Epilepsy may be drug-resistant in a third of patients necessitating alternative treatments, such as surgery. Among refractory epilepsy patients, the most common etiologies are tumors and focal cortical dysplasia (FCD). Surgical management of tumor-related epilepsy has one of the highest rates of seizure freedom, whereas FCD represents some of the lowest success rates in epilepsy treatment. This study investigates the pre-operative characteristics associated with differences in postsurgical seizure outcomes in patients with FCD and tumors. We completed a retrospective cross-sectional review of epilepsy surgery patients with tumors (n = 29) or FCD (n = 44). Participants had a minimum medical follow-up at least 6 months after surgery (FCD M = 2.1 years; Tumors M = 2.0 years). Patients with FCD trended toward an earlier age of onset (t = -4.19, p = 0.058) and longer epilepsy duration (t = 3.75, p < 0.001). Epilepsy surgery is highly effective in reducing seizures in patients with FCD or tumors with over 70 % of all patients achieving seizure freedom. We found a higher rate of seizure freedom in patients with tumors than FCD, but this difference did not reach significance (79 vs. 66 %). Predictive factors of outcomes for FCD and tumors differ. Findings indicate that diagnostic tests may be differentially sensitive to patients with tumors, and future research is needed.
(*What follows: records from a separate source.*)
Lemma conj_prod_conj (u : word) xs :
  freely_eq (u ++ conj_prod xs ++ winv u) (conj_prod [seq (u ++ xr.1, xr.2) | xr <- xs]).
Proof.
elim: xs => [|[p r] xs IH] /=; first exact: freely_eq_cancel.
rewrite /conj_prod /= -/(conj_prod _) -/(conj_prod xs) winv_cat -!catA.
apply: (rst_trans _ _ _ ((u ++ p ++ r ++ winv p ++ winv u) ++ (u ++ conj_prod xs ++ winv u))).
  have := freely_eq_ctx (u ++ p ++ r ++ winv p) (conj_prod xs ++ winv u)
            (rst_sym _ _ _ _ (freely_eq_cancelV u)).
  by rewrite -!catA.
have := freely_eq_ctx (u ++ p ++ r ++ winv p ++ winv u) [::] IH.
by rewrite !cats0 -!catA.
Qed.

Lemma area_rep_conj (u a : word) m : area_rep a m -> area_rep (u ++ a ++ winv u) m.
Proof.
move=> [xs [<- rel fe]]; exists [seq (u ++ xr.1, xr.2) | xr <- xs]; split.
- by rewrite size_map.
- by move=> xr /mapP[yr /rel ? ->].
- apply: rst_trans (conj_prod_conj u xs).
  exact: freely_eq_ctx.
Qed.

Lemma conj_prod_winv xs :
  winv (conj_prod xs) = conj_prod (rev [seq (xr.1, winv xr.2) | xr <- xs]).
Proof.
elim: xs => [|[p r] xs IH] //=.
rewrite /conj_prod /= -/(conj_prod xs) winv_cat IH rev_cons -cats1 map_cat flatten_cat /=.
by rewrite cats0 !winv_cat winvK !catA.
Qed.

Lemma area_rep_winv (a : word) m : area_rep a m -> area_rep (winv a) m.
Proof.
move=> [xs [<- rel fe]]; exists (rev [seq (xr.1, winv xr.2) | xr <- xs]); split.
- by rewrite size_rev size_map.
- move=> xr; rewrite mem_rev => /mapP[yr /rel [r_rel | r_rel] ->] /=.
    by right; rewrite winvK.
  by left.
- by rewrite -[flatten _]/(conj_prod _) -conj_prod_winv; apply: freely_eq_winv.
Qed.

(* [b ++ a] is freely equal to the conjugate of [a ++ b] by [winv a]. *)
Lemma area_rep_rot (a b : word) m : area_rep (a ++ b) m -> area_rep (b ++ a) m.
Proof.
move=> /(area_rep_conj (winv a)); apply: area_rep_free.
rewrite winvK catA; have := freely_eq_ctx [::] (b ++ a) (freely_eq_cancelV a).
by rewrite /= -!catA.
Qed.

(* [a = b] in P_H, with [a b^-1] of area at most [k]. *)
Definition area_eq (a b : word) (k : nat) : Prop :=
  exists2 m, (m <= k)%N & area_rep (a ++ winv b) m.

Lemma area_eq0P (w : word) k : area_eq w [::] k <-> exists2 m, (m <= k)%N & area_rep w m.
Proof. by rewrite /area_eq cats0. Qed.

Lemma area_eq_free (a b : word) : freely_eq a b -> area_eq a b 0.
Proof.
move=> Hab; exists 0%N => //; exists [::]; split=> //.
by apply: rst_trans (freely_eq_cancel b); apply: freely_eq_cat (rst_refl _ _ _).
Qed.
(* There exists a family $\{\pi_s(x)\}_{s\in2^{<\omega}}$ of consistent partial types over $\emptyset$ in one variable in the theory $APr_A$ such that (i) for all $s\in2^{<\omega}$, $d(\pi_{s^\frown0},\pi_{s^\frown1})\ge\frac13$, meaning that $d(a_0,a_1)\ge\frac13$ whenever $a_i\models\pi_{s^\frown i}$ for $i=0,1$; and (ii) if $s,t\in2^{<\omega}$ and $t$ extends $s$ then $\pi_t\vdash\pi_s$.
   Context: Probability algebras are continuous structures in the language $\{0,1,\cdot^c,\cup,\cap\}$ with metric $d(a,b)=\mu(a\triangle b)$; $APr_A$ is the theory of pairs (atomless probability algebra, aperiodic automorphism $\tau$), where $\tau$ is aperiodic if for every nonzero $a$ and $n>0$ some $b\le a$ has $\tau^n(b)\ne b$. $2^{<\omega}$ is the set of finite binary sequences and $s^\frown i$ denotes appending $i$. *)

From HB Require Import structures.
From mathcomp Require Import all_boot all_order all_algebra.
From mathcomp Require Import boolp classical_sets reals.
From mathcomp Require Import Rstruct.
Import Order.TTheory GRing.Theory Num.Theory.

Set Implicit Arguments.
Unset Strict Implicit.
Unset Printing Implicit Defensive.

Local Open Scope ring_scope.
Local Open Scope classical_set_scope.

Definition Rr : realType := Rdefinitions.R.

Record PAops := {
  car :> Type;
  bzero : car;
  bone : car;
  bcompl : car -> car;
  bjoin : car -> car -> car;
  bmeet : car -> car -> car;
  mu : car -> Rr;
  tau : car -> car;
  tau_inv : car -> car
}.
Arguments bzero : clear implicits.
Arguments bone : clear implicits.
Arguments mu : clear implicits.
Arguments tau : clear implicits.
Arguments tau_inv : clear implicits.

Definition ble (M : PAops) (a b : M) : Prop := bmeet a b = a.

Definition pdist (M : PAops) (a b : M) : Rr :=
  mu M (bjoin (bmeet a (bcompl b)) (bmeet (bcompl a) b)).

Record is_APrA_model (M : PAops) : Prop := {
  joinC : forall a b : M, bjoin a b = bjoin b a;
  meetC : forall a b : M, bmeet a b = bmeet b a;
  joinA : forall a b c : M, bjoin a (bjoin b c) = bjoin (bjoin a b) c;
  meetA : forall a b c : M, bmeet a (bmeet b c) = bmeet (bmeet a b) c;
  joinKmeet : forall a b : M, bjoin a (bmeet a b) = a;
  meetKjoin : forall a b : M, bmeet a (bjoin a b) = a;
  join_meetD : forall a b c : M, bjoin a (bmeet b c) = bmeet (bjoin a b) (bjoin a c);
  meet_joinD : forall a b c : M, bmeet a (bjoin b c) = bjoin (bmeet a b) (bmeet a c);
  join_compl : forall a : M, bjoin a (bcompl a) = bone M;
  meet_compl : forall a : M, bmeet a (bcompl a) = bzero M;
  mu_one : mu M (bone M) = 1;
  mu_ge0 : forall a : M, 0 <= mu M a;
  mu_add : forall a b : M, bmeet a b = bzero M -> mu M (bjoin a b) = mu M a + mu M b;
  mu_pos : forall a : M, mu M a = 0 -> a = bzero M;
  pdist_complete : forall u : nat -> M,
    (forall e : Rr, 0 < e -> exists N, forall m n, (N <= m)%N -> (N <= n)%N ->
        pdist (u m) (u n) < e) ->
    exists a : M, forall e : Rr, 0 < e -> exists N, forall n, (N <= n)%N ->
        pdist (u n) a < e;
  atomless : forall a : M, a <> bzero M ->
    exists b : M, ble b a /\ 0 < mu M b /\ mu M b < mu M a;
  tau_invK : forall a : M, tau_inv M (tau M a) = a;
  tauK : forall a : M, tau M (tau_inv M a) = a;
  tau_zero : tau M (bzero M) = bzero M;
  tau_one : tau M (bone M) = bone M;
  tau_compl : forall a : M, tau M (bcompl a) = bcompl (tau M a);
  tau_join : forall a b : M, tau M (bjoin a b) = bjoin (tau M a) (tau M b);
  tau_meet : forall a b : M, tau M (bmeet a b) = bmeet (tau M a) (tau M b);
  tau_mu : forall a : M, mu M (tau M a) = mu M a;
  aperiodic : forall a : M, a <> bzero M -> forall n : nat, (0 < n)%N ->
    exists b : M, ble b a /\ iter n (tau M) b <> b
}.
(* One endpoint wins when [u] bids [a] and [v] bids [b]; it is then paid enough
   under the solo bid of the other. *)
Lemma edge_profit0_bound u v (a b : R) : adj u v -> u != v -> 0 <= a -> 0 <= b ->
  a * b <= a * profit M (solo_bid u a) v 0 + b * profit M (solo_bid v b) u 0.
Proof.
move=> uv u_neq_v a_ge0 b_ge0.
have off (e w : 'I_n) (c : R) : e != w -> solo_bid w c e = 0.
  by move=> /negbTE ew; rewrite /solo_bid /unitv ew mulr0.
have two_bids : upd (solo_bid u a) v b = upd (solo_bid v b) u a.
  apply: functional_extensionality => e; rewrite /upd /solo_bid /unitv.
  have [->|_] := eqVneq e v; first by rewrite eq_sym (negbTE u_neq_v) mulr1.
  by case: (e == u); rewrite ?mulr1 ?mulr0.
have pu_ge0 := profit0_ge0 v (solo_bid_nonneg u a_ge0).
have pv_ge0 := profit0_ge0 u (solo_bid_nonneg v b_ge0).
have bids_ge0 : nonneg (upd (solo_bid u a) v b).
  by move=> e; rewrite /upd; case: (e == v); last exact: solo_bid_nonneg.
have /forallP/(_ u)/forallP/(_ v) := (M_valid bids_ge0).1; rewrite uv /=.
case/orP=> [|v_win]; first rewrite two_bids => u_win.
  have := win_bid_le_profit0 (solo_bid_nonneg v b_ge0) (off _ _ _ u_neq_v) a_ge0 u_win.
  by move/(ler_wpM2l b_ge0); have := mulr_ge0 a_ge0 pu_ge0; lra.
have v_neq_u : v != u by rewrite eq_sym.
have := win_bid_le_profit0 (solo_bid_nonneg u a_ge0) (off _ _ _ v_neq_u) b_ge0 v_win.
by move/(ler_wpM2l a_ge0); have := mulr_ge0 b_ge0 pv_ge0; lra.
Qed.

Hypotheses (adj_sym : symmetric adj) (adj_irr : irreflexive adj).

Lemma sum_adj_swap (F : 'I_n -> 'I_n -> R) :
  \sum_u \sum_(v | adj u v) F v u = \sum_u \sum_(v | adj u v) F u v.
Proof.
rewrite (exchange_big_dep xpredT) //=; apply: eq_bigr => u _.
by apply: eq_bigl => v; rewrite adj_sym.
Qed.

Lemma adj_form_le_payments (y : 'I_n -> R) : (forall u, 0 <= y u) ->
  \sum_u \sum_(v | adj u v) y u * y v <=
  (\sum_u y u * total_pay M (solo_bid u (y u))) *+ 2.
Proof.
move=> y_ge0; pose g u v := profit M (solo_bid u (y u)) v 0.
have g_ge0 u v : 0 <= g u v by apply/profit0_ge0/solo_bid_nonneg.
apply: (@le_trans _ _ ((\sum_u \sum_(v | adj u v) y u * g u v) *+ 2)).
  rewrite mulr2n -[X in _ <= _ + X]sum_adj_swap -big_split /=.
  apply: ler_sum => u _; rewrite -big_split /=; apply: ler_sum => v uv.
  have u_neq_v : u != v by apply: contraTneq uv => ->; rewrite adj_irr.
  exact: edge_profit0_bound.
rewrite lerMn2r /=; apply: ler_sum => u _; rewrite -sum_profit0 mulr_sumr.
rewrite big_mkcond; apply: ler_sum => v _.
by case: ifP => _; [exact: lexx | exact: mulr_ge0 (y_ge0 u) (g_ge0 u v)].
Qed.

End TruthfulMechanism.

Lemma connected_neighbor (n : nat) (adj : rel 'I_n) :
  (forall u v, connect adj u v) -> (exists u v, adj u v) ->
  forall u, exists v, adj u v.
Proof.
move=> conn [a [b ab]] u; have [->|u_neq_a] := eqVneq u a; first by exists b.
case/connectP: (conn u a) => [[|w p]] /=.
  by move=> _ ua; rewrite ua eqxx in u_neq_a.
by case/andP=> uw _ _; exists w.
Qed.

Lemma exists_lt_weighted (R : realDomainType) (I : finType) (y a b : I -> R) r :
  (forall i, 0 <= y i) -> r * \sum_i y i * a i < \sum_i y i * b i ->
  [exists i, r * a i < b i].
Proof.
move=> y_ge0; apply: contraTT => /existsPn b_le_a.
rewrite -leNgt mulr_sumr; apply: ler_sum => i _; rewrite mulrCA.
by apply: ler_wpM2l => //; rewrite leNgt b_le_a.
Qed.

Section AdjacencyForm.
Variables (R : realFieldType) (n : nat) (adj : rel 'I_n) (d : 'I_n -> R).
Hypothesis d_gt0 : forall u, 0 < d u.

Lemma adj_form_le_norm (x : 'I_n -> R) :
  \sum_u \sum_(v | adj u v) x u * x v <= \sum_u \sum_(v | adj u v) `|x u| * `|x v|.
Proof.
apply: ler_sum => u _; apply: ler_sum => v _.
by rewrite -normrM real_ler_norm ?num_real.
Qed.

Lemma scaled_left_eigenvector (w : 'rV[R]_n) lam : symmetric adj ->
  w *m \matrix_(u, v) (if adj u v then (d u)^-1 else 0) = lam *: w ->
  forall u, \sum_(v | adj u v) w 0 v / d v = lam * (d u * (w 0 u / d u)).
Proof.
move=> adj_sym wK u; rewrite [d u * _]mulrCA mulfV ?lt0r_neq0 // mulr1.
have := congr1 (fun A : 'rV_n => A 0 u) wK; rewrite /= !mxE => <-.
rewrite big_mkcond; apply: eq_bigr => v _; rewrite mxE adj_sym.
by case: (adj v u); rewrite ?mulr0.
Qed.

Lemma adj_form_eigen (x : 'I_n -> R) lam :
  (forall u, \sum_(v | adj u v) x v = lam * (d u * x u)) ->
  \sum_u \sum_(v | adj u v) x u * x v = lam * \sum_u d u * x u ^+ 2.
Proof.
move=> eig; rewrite mulr_sumr; apply: eq_bigr => u _.
by rewrite -mulr_sumr eig; ring.
Qed.

Lemma scaled_row_sqr_sum_gt0 (w : 'rV[R]_n) :
  w != 0 -> 0 < \sum_v d v * (w 0 v / d v) ^+ 2.
Proof.
move=> w_neq0; have [u wu_neq0] : exists u, w 0 u != 0.
  apply/existsP; apply: contraNT w_neq0 => /existsPn w0.
  by apply/eqP/rowP => u; rewrite mxE; apply/eqP/negPn/w0.
have xu_neq0 : w 0 u / d u != 0 by rewrite mulf_neq0 // invr_neq0 // lt0r_neq0.
rewrite (bigD1 u) //=; apply: lt_le_trans (_ : 0 < d u * (w 0 u / d u) ^+ 2) _.
  by rewrite mulr_gt0 ?exprn_even_gt0.
rewrite lerDl; apply: sumr_ge0 => v _; exact: mulr_ge0 (ltW (d_gt0 v)) (sqr_ge0 _).
Qed.

End AdjacencyForm.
三分之一的癫痫患者可能对药物产生耐药性,因此需要采用手术等替代治疗方法。在难治性癫痫患者中,最常见的病因是肿瘤和局灶性皮质发育不良(FCD)。肿瘤相关癫痫的手术治疗是癫痫无发作率最高的治疗方法之一,而局灶性皮质发育不良则是癫痫治疗中成功率最低的治疗方法之一。本研究调查了与 FCD 和肿瘤患者术后癫痫发作结果差异相关的术前特征。我们对患有肿瘤(29 人)或 FCD(44 人)的癫痫手术患者进行了回顾性横断面回顾。参与者在术后至少接受了 6 个月的医学随访(FCD M = 2.1 年;肿瘤 M = 2.0 年)。FCD患者的发病年龄趋于提前(t = -4.19,p = 0.058),癫痫持续时间趋于延长(t = 3.75,p <0.001)。癫痫手术对减少 FCD 或肿瘤患者的癫痫发作非常有效,超过 70% 的患者都能摆脱癫痫发作。我们发现肿瘤患者的癫痫无发作率高于 FCD 患者,但这一差异并不显著(79% 对 66%)。FCD和肿瘤的预后因素不同。研究结果表明,诊断测试对肿瘤患者的敏感性可能有所不同,因此需要进行进一步的研究。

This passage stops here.